PROVIDED DATA:
(* Let $S$ be any one of the subspecies $33_3$, $33_4$, $35_3$, $35_4$, $37$, $38$ of isonemal fabrics. Then there exist orders $n$ such that every isonemal fabric of subspecies $S$, of order $n$, whose symmetry group is based on a level-1 lattice unit of area $5$, can be perfectly coloured by thick striping with $5$ colours in two different ways, in each of which the redundant cells form $2\times 2$ blocks arranged as the $(5,3)$ satin doubled.
   Context: Fabrics. Strands are parallel bands of unit width: warps are vertical, wefts horizontal, and warp $i$ and weft $j$ cross in the unit square cell $(i,j)$, $i,j\in\mathbb{Z}$. A (pre)fabric specifies at every cell which of the two crossing strands lies on top as seen from a fixed side; its design colours cell $(i,j)$ dark if the warp is on top and pale if the weft is on top. Designs are doubly periodic; a fabric is a prefabric that does not fall apart into separate layers. The order of a fabric is the common period of the dark/pale sequence along its strands. Symmetries. A symmetry is a pair $(g,\epsilon)$ where $g$ is an isometry of the plane mapping the set of strands onto itself and $\epsilon$ is either the identity or $\tau$, the reflection in the plane of the fabric (which reverses which strand is on top in every cell), such that the composite maps the fabric onto itself. They form the symmetry group $G_1$; those with $\epsilon$ the identity are side-preserving, the others side-reversing. A fabric is isonemal if $G_1$ acts transitively on its strands. Species. Species 33–39 consist of the isonemal fabrics whose symmetry group contains quarter turns (possibly composed with $\tau$) but no reflections or glide-reflections (type $p4$). A lattice unit of $G_1$ is a square whose corners are quarter-turn centres and whose sides are vectors $(M,N)$, $(-N,M)$ generating the translation lattice of $G_1$; its centre is also a quarter-turn centre. It is of level 1 if $M,N$ are relatively prime of opposite parity. If the level-1 unit has side vectors $v=(M_1,N_1)$, $w=(-N_1,M_1)$, the level-2 unit (same centre) has side vectors $v+w$, $v-w$, the level-3 unit is the level-1 unit doubled and the level-4 unit is the level-2 unit doubled; the group is then based on the level-1 unit of area $M_1^2+N_1^2$. A quarter-turn centre is marked $\square$ if the quarter turn about it is side-preserving and $\blacksquare$ if it needs composition with $\tau$. Subspecies: $33_3$: level 3, all corners and centres $\square$; $35_3$: level 3, all $\blacksquare$; $38$: level 3, one of corners/centre $\square$ and the other $\blacksquare$; $33_4$: level 4, all $\square$; $35_4$: level 4, all $\blacksquare$; $37$: level 4, mixed $\square$ and $\blacksquare$. Colouring. A colouring assigns a colour to each strand; it is perfect if every symmetry of the fabric permutes colours coherently (if it maps one strand of colour $a$ to one of colour $b$, it maps every strand of colour $a$ to a strand of colour $b$). Thick striping with $p$ colours colours consecutive parallel strands periodically $c_1,c_1,c_2,c_2,\dots,c_p,c_p,c_1,\dots$ in each direction, using the same $p$ colours for warps and wefts. A cell is redundant if its warp and weft have the same colour. The $(5,3)$ satin is the order-5 design with dark cells $(i,j)$, $j\equiv 2i\pmod 5$; the satin doubled is the design obtained by replacing each strand by two adjacent strands behaving identically, so that each cell becomes a $2\times2$ block; ''redundant blocks arranged as the $(5,3)$ satin doubled'' means that the set of redundant cells is congruent to the set of dark cells of this doubled design. *)

From Stdlib Require Import ZArith Bool.
Open Scope Z_scope.

(** Cells are pairs (i,j) : Z*Z, cell (i,j) being the crossing of warp i
    (vertical) and weft j (horizontal).  We use the cell centres as
    coordinates: cell (i,j) has centre at the point (i,j) of the plane. *)

(** A design: [D (i,j) = true] iff cell (i,j) is dark (warp on top). *)
Definition design := Z * Z -> bool.

Inductive strand := Warp (i : Z) | Weft (j : Z).

(** Isometries of the plane mapping the set of strands onto itself:
    x |-> A x + t with A a signed permutation matrix and t in Z^2
    (in cell-centre coordinates).  [sw] = the coordinates are swapped,
    [n1]/[n2] = the first/second output coordinate is negated. *)
Record gmap := GMap { sw : bool; n1 : bool; n2 : bool; t1 : Z; t2 : Z }.

Definition sgn (b : bool) : Z := if b then -1 else 1.

Definition act_cell (g : gmap) (c : Z * Z) : Z * Z :=
  let '(x, y) := if sw g then (snd c, fst c) else (fst c, snd c) in
  (sgn (n1 g) * x + t1 g, sgn (n2 g) * y + t2 g).

Definition act_strand (g : gmap) (s : strand) : strand :=
  match s with
  | Warp i => if sw g then Weft (sgn (n2 g) * i + t2 g)
              else Warp (sgn (n1 g) * i + t1 g)
  | Weft j => if sw g then Warp (sgn (n1 g) * j + t1 g)
              else Weft (sgn (n2 g) * j + t2 g)
  end.

(** [(g, e)] is a symmetry of the design ([e = true] means composed with
    tau, the reflection in the plane of the fabric).  If [g] exchanges
    warps and wefts, the colour of the image cell is reversed; tau reverses
    it once more. *)
Definition is_sym (D : design) (g : gmap) (e : bool) : Prop :=
  forall c, D (act_cell g c) = xorb (D c) (xorb (sw g) e).

Definition doubly_periodic (D : design) : Prop :=
  exists p, 0 < p /\ forall i j, D (i + p, j) = D (i, j) /\ D (i, j + p) = D (i, j).

Definition falls_apart (D : design) : Prop :=
  exists A : strand -> Prop, (exists x, A x) /\ (exists y, ~ A y) /\
    forall i j, (A (Warp i) -> ~ A (Weft j) -> D (i, j) = true) /\
                (A (Weft j) -> ~ A (Warp i) -> D (i, j) = false).

Definition is_fabric (D : design) : Prop := doubly_periodic D /\ ~ falls_apart D.

Definition isonemal (D : design) : Prop :=
  forall x y, exists g e, is_sym D g e /\ act_strand g x = y.

Definition least_period (f : Z -> bool) (n : Z) : Prop :=
  0 < n /\ (forall k, f (k + n) = f k) /\
  forall m, 0 < m < n -> ~ (forall k, f (k + m) = f k).

Definition has_order (D : design) (n : Z) : Prop :=
  (forall i, least_period (fun j => D (i, j)) n) /\
  (forall j, least_period (fun i => D (i, j)) n).

Definition orientation_reversing (g : gmap) : Prop :=
  (* det = -1: reflections and glide-reflections *)
  xorb (sw g) (xorb (n1 g) (n2 g)) = true.
Definition quarter_turn (g : gmap) : Prop :=
  sw g = true /\ n1 g <> n2 g.
Definition transl (a b : Z) : gmap := GMap false false false a b.

Definition type_p4 (D : design) : Prop :=
  (exists g e, is_sym D g e /\ quarter_turn g) /\
  (forall g e, is_sym D g e -> ~ orientation_reversing g).

Definition species_33_39 (D : design) : Prop :=
  is_fabric D /\ isonemal D /\ type_p4 D.

Definition lattice_generated (D : design) (M N : Z) : Prop :=
  forall a b, (exists e, is_sym D (transl a b) e) <->
              exists x y, a = x * M - y * N /\ b = x * N + y * M.

(** Quarter turn (by +90 degrees) about the point P/2 (doubled coordinates
    P = (P1,P2), with P1 = P2 mod 2 so that it maps cells to cells). *)
Definition qt (P1 P2 : Z) : gmap :=
  GMap true true false ((P1 + P2) / 2) ((P2 - P1) / 2).

Inductive mark := Open
                | Filled .

Definition marked (D : design) (P1 P2 : Z) (m : mark) : Prop :=
  Z.even (P1 + P2) = true /\
  is_sym D (qt P1 P2) (match m with Open => false | Filled => true end).

(** A lattice unit of G1 with corner P/2 and sides (M,N), (-N,M), whose
    corners are marked [mc] and whose centre (P + (M-N, N+M))/2 is marked
    [mz]. *)
Definition lattice_unit (D : design) (P1 P2 M N : Z) (mc mz : mark) : Prop :=
  lattice_generated D M N /\ marked D P1 P2 mc /\
  marked D (P1 + (M - N)) (P2 + (N + M)) mz.

Definition level1 (M N : Z) : Prop := Z.gcd M N = 1 /\ Z.odd (M + N) = true.

(** Side vector of the level-k unit built on the level-1 unit with side
    vector v = (M1,N1), w = (-N1,M1):
    level 1: v; level 2: v+w; level 3: 2v; level 4: 2(v+w). *)
Definition side_vec (k : nat) (M1 N1 : Z) : Z * Z :=
  match k with
  | 1%nat => (M1, N1)
  | 2%nat => (M1 - N1, N1 + M1)
  | 3%nat => (2 * M1, 2 * N1)
  | _ => (2 * (M1 - N1), 2 * (N1 + M1))
  end.

Inductive subspecies := S33_3 | S33_4 | S35_3 | S35_4 | S37 | S38.

Definition sub_level (S : subspecies) : nat :=
  match S with
  | S33_3 | S35_3 | S38 => 3%nat
  | S33_4 | S35_4 | S37 => 4%nat
  end.

Definition sub_marks (S : subspecies) (mc mz : mark) : Prop :=
  match S with
  | S33_3 | S33_4 => mc = Open /\ mz = Open
  | S35_3 | S35_4 => mc = Filled /\ mz = Filled
  | S37 | S38 => mc <> mz
  end.

Definition in_subspecies (S : subspecies) (D : design) (M1 N1 : Z) : Prop :=
  species_33_39 D /\ level1 M1 N1 /\
  exists P1 P2 mc mz, sub_marks S mc mz /\
    lattice_unit D P1 P2 (fst (side_vec (sub_level S) M1 N1))
                         (snd (side_vec (sub_level S) M1 N1)) mc mz.

Definition colouring := strand -> Z.

Definition perfect (D : design) (col : colouring) : Prop :=
  forall g e, is_sym D g e ->
    forall x y, col x = col y -> col (act_strand g x) = col (act_strand g y).

Definition thick_striping (p : Z) (col : colouring) : Prop :=
  exists (a b : Z) (alpha beta : Z -> Z),
    (forall k l, 0 <= k < p -> 0 <= l < p -> alpha k = alpha l -> k = l) /\
    (forall k l, 0 <= k < p -> 0 <= l < p -> beta k = beta l -> k = l) /\
    (forall k, 0 <= k < p -> exists l, 0 <= l < p /\ beta l = alpha k) /\
    (forall i, col (Warp i) = alpha (((i - a) / 2) mod p)) /\
    (forall j, col (Weft j) = beta (((j - b) / 2) mod p)).

Definition redundant (col : colouring) (c : Z * Z) : Prop :=
  col (Warp (fst c)) = col (Weft (snd c)).

Definition satin53_doubled (c : Z * Z) : Prop :=
  (snd c / 2) mod 5 = (2 * (fst c / 2)) mod 5.

Definition redundant_satin_doubled (col : colouring) : Prop :=
  exists g : gmap, forall c, redundant col (act_cell g c) <-> satin53_doubled c.

Definition good_colouring (D : design) (col : colouring) : Prop :=
  thick_striping 5 col /\ perfect D col /\ redundant_satin_doubled col.

Definition different_colourings (c1 c2 : colouring) : Prop :=
  exists x y, ~ (c1 x = c1 y <-> c2 x = c2 y).

(* Write 2(M, N) for the side of the lattice unit (level 3 or 4), so that every translation moves
   strands by an even amount, and let m in {2, 3}, a square root of -1 mod 5, satisfy M = m N
   (mod 5): such an m exists because M1^2 + N1^2 = 5, and the congruence survives the passage from
   level 3 to level 4.  Colour the warps of thick stripe k by k mod 5 and the wefts of thick stripe
   l by m l + c mod 5.  As the symmetry group has no reflections, every symmetry is a lattice
   translation after a power of a quarter turn.  The translation by 2(xM - yN, xN + yM) adds
   xM - yN to every colour, and the quarter turn permutes the colours coherently as soon as c
   solves a linear congruence, solvable because m + 1 is a unit mod 5.  Moving the warp stripes by
   one strand gives a second, different colouring.  The redundant cells are those with k = m l + c
   (mod 5), the (5,3) satin doubled.  None of this depends on the order; the orders come from
   explicit fabrics of period 20 whose properties are checked by computation. *)

From Stdlib Require Import ZArith Lia Bool List Classical.
Import ListNotations.
Open Scope Z_scope.

Definition qturn (T1 T2 : Z) : gmap := GMap true true false T1 T2.

Ltac gmap_simpl :=
  cbv [act_strand act_cell Nat.iter nat_rect qturn transl sw n1 n2 t1 t2 sgn fst snd].

Definition cell_symmetry (D : design) (f : Z * Z -> Z * Z) : Prop :=
  exists x, forall c, D (f c) = xorb (D c) x.

Lemma cell_symmetry_act D g e : is_sym D g e -> cell_symmetry D (act_cell g).
Proof. intros H. exists (xorb (sw g) e). exact H. Qed.

Lemma cell_symmetry_iter D f k : cell_symmetry D f -> cell_symmetry D (Nat.iter k f).
Proof.
  intros [x Hf]. induction k as [|k [y IH]].
  - exists false. intros c. now rewrite xorb_false_r.
  - exists (xorb y x). intros c. simpl. rewrite Hf, IH. apply xorb_assoc.
Qed.

Lemma iter_surjective {A} (f : A -> A) k :
  (forall d, exists c, f c = d) -> forall d, exists c, Nat.iter k f c = d.
Proof.
  intros Hf. induction k as [|k IH]; intros d; [now exists d|].
  destruct (Hf d) as [d' <-]. destruct (IH d') as [c <-]. now exists c.
Qed.

Lemma qturn_surjective T1 T2 d : exists c, act_cell (qturn T1 T2) c = d.
Proof.
  destruct d as [d1 d2]. exists (d2 - T2, - d1 + T1).
  gmap_simpl. f_equal; ring.
Qed.

(* [transl u v] is [g] after a right inverse of [f]. *)
Lemma transl_symmetry_of_offset D f g e u v :
  cell_symmetry D f -> (forall d, exists c, f c = d) -> is_sym D g e ->
  (forall c, act_cell g c = (fst (f c) + u, snd (f c) + v)) ->
  exists e', is_sym D (transl u v) e'.
Proof.
  intros [x Hf] Hsurj Hg Hgf. exists (xorb x (xorb (sw g) e)). intros d.
  destruct (Hsurj d) as [c <-].
  replace (act_cell (transl u v) (f c)) with (act_cell g c)
    by (rewrite Hgf; destruct (f c); gmap_simpl; f_equal; ring).
  rewrite Hg, Hf. cbn [sw transl]. now destruct (D c), x, (sw g), e.
Qed.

TRY IT:
Search the listing above for the string "Open". Copy every line that contains it.

EXERCISE RESULT:
Open Scope Z_scope.
Inductive mark := Open
  is_sym D (qt P1 P2) (match m with Open => false | Filled => true end).
  | S33_3 | S33_4 => mc = Open /\ mz = Open
Open Scope Z_scope.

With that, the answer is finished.